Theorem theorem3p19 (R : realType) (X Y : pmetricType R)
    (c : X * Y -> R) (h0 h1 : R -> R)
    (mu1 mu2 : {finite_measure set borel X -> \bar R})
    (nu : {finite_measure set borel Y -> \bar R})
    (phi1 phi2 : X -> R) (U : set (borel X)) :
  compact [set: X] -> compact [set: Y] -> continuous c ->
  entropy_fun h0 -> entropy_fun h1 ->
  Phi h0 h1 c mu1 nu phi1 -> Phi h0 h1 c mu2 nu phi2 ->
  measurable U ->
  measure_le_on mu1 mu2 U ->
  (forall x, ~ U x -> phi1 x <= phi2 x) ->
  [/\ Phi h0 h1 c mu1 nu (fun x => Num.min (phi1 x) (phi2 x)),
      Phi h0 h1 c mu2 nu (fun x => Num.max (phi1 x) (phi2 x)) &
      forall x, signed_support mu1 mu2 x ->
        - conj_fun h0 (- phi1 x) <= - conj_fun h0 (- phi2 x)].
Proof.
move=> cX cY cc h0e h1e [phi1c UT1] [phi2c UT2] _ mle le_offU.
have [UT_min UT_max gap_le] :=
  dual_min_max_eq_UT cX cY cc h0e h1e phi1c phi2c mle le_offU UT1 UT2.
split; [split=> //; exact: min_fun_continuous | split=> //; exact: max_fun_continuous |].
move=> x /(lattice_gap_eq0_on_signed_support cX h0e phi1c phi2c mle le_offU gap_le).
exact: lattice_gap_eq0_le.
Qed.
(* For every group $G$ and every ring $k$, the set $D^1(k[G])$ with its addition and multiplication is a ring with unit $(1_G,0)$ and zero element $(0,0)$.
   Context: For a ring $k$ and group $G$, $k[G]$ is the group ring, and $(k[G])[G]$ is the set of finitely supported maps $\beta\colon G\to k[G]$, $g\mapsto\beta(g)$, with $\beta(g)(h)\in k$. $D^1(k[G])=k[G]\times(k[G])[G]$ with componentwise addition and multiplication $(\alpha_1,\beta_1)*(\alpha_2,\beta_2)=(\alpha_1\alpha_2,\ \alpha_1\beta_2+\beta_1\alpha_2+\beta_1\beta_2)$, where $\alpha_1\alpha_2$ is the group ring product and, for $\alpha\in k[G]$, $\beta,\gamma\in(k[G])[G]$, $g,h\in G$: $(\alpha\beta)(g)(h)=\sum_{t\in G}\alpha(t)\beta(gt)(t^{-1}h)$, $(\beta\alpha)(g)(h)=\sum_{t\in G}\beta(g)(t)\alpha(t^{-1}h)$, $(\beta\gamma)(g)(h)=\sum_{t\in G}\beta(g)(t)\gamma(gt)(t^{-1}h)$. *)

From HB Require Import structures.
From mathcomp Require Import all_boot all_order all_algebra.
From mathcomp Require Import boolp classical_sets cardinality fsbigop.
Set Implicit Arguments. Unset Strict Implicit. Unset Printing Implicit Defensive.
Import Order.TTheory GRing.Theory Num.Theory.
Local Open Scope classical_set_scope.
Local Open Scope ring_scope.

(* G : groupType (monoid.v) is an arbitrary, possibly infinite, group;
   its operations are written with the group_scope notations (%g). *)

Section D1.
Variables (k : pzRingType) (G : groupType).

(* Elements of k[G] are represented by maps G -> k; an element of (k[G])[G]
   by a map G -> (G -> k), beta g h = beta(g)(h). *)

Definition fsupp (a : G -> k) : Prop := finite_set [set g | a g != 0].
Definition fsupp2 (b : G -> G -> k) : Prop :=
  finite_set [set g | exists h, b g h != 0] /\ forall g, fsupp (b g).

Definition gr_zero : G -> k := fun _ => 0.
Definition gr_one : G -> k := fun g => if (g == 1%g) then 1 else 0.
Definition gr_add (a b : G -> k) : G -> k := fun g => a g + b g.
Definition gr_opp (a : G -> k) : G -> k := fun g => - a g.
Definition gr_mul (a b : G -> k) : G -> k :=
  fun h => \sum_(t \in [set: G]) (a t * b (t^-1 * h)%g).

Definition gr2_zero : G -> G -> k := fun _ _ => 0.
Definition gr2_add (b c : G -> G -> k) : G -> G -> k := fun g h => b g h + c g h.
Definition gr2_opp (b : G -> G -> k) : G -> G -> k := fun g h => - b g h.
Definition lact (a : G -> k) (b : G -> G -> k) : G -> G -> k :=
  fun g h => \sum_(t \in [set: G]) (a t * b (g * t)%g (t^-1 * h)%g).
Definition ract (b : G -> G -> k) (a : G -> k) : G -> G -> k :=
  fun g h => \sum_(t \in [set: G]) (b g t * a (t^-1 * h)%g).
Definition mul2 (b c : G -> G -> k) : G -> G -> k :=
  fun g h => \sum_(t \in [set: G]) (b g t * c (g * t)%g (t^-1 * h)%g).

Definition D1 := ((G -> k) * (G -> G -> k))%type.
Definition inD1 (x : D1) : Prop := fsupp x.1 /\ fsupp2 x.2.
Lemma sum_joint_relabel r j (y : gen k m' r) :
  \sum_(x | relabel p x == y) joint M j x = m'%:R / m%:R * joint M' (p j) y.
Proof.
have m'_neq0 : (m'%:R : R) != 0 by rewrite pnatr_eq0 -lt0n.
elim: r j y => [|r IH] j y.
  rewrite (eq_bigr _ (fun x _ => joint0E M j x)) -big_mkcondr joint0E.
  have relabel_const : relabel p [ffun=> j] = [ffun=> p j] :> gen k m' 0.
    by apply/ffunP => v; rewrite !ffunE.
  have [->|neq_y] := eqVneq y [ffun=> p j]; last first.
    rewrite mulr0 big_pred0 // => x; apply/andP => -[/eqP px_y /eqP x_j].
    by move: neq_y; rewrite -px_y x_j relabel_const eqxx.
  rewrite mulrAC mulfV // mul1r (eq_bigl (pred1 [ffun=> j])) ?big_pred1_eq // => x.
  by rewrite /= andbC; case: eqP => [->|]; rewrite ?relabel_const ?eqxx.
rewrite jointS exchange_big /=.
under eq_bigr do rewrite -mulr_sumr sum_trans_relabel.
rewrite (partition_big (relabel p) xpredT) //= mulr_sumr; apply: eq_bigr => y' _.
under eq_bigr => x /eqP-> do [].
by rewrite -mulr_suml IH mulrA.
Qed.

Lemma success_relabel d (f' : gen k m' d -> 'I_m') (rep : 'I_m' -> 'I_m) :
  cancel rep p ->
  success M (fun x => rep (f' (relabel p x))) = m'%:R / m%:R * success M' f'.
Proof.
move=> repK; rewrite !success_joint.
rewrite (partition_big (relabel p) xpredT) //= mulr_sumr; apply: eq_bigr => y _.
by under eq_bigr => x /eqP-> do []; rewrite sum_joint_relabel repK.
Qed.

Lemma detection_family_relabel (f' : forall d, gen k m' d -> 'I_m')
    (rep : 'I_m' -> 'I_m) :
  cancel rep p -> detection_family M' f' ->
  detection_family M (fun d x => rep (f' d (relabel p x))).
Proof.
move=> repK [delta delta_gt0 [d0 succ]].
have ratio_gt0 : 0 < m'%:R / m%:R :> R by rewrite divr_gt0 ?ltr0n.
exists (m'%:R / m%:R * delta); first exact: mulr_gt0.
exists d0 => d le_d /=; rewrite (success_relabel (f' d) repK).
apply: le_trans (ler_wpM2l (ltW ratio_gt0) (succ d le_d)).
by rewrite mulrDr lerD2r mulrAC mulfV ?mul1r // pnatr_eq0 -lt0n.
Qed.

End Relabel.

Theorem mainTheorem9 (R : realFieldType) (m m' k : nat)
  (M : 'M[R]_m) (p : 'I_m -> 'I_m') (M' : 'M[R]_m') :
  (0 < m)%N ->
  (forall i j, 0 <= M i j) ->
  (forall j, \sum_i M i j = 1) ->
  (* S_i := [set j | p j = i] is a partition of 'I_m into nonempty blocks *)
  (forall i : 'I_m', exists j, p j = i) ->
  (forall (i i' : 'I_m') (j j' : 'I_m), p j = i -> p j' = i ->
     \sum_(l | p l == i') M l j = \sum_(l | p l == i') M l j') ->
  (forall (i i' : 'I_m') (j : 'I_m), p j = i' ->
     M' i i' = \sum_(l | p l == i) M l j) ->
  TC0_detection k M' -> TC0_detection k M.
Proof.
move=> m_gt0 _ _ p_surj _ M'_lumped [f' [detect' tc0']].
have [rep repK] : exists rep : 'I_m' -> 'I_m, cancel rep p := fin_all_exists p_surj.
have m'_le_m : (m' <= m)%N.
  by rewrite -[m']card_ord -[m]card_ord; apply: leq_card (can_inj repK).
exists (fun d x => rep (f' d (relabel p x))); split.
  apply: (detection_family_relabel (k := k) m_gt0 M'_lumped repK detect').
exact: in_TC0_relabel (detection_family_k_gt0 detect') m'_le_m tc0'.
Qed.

####################

**Exercise**: Please, starting with the first line of the material above, write out each line exactly and finish on the line that includes "forall x, signed_support mu1 mu2 x ->".

**Solution to this exercise**:
Theorem theorem3p19 (R : realType) (X Y : pmetricType R)
    (c : X * Y -> R) (h0 h1 : R -> R)
    (mu1 mu2 : {finite_measure set borel X -> \bar R})
    (nu : {finite_measure set borel Y -> \bar R})
    (phi1 phi2 : X -> R) (U : set (borel X)) :
  compact [set: X] -> compact [set: Y] -> continuous c ->
  entropy_fun h0 -> entropy_fun h1 ->
  Phi h0 h1 c mu1 nu phi1 -> Phi h0 h1 c mu2 nu phi2 ->
  measurable U ->
  measure_le_on mu1 mu2 U ->
  (forall x, ~ U x -> phi1 x <= phi2 x) ->
  [/\ Phi h0 h1 c mu1 nu (fun x => Num.min (phi1 x) (phi2 x)),
      Phi h0 h1 c mu2 nu (fun x => Num.max (phi1 x) (phi2 x)) &
      forall x, signed_support mu1 mu2 x ->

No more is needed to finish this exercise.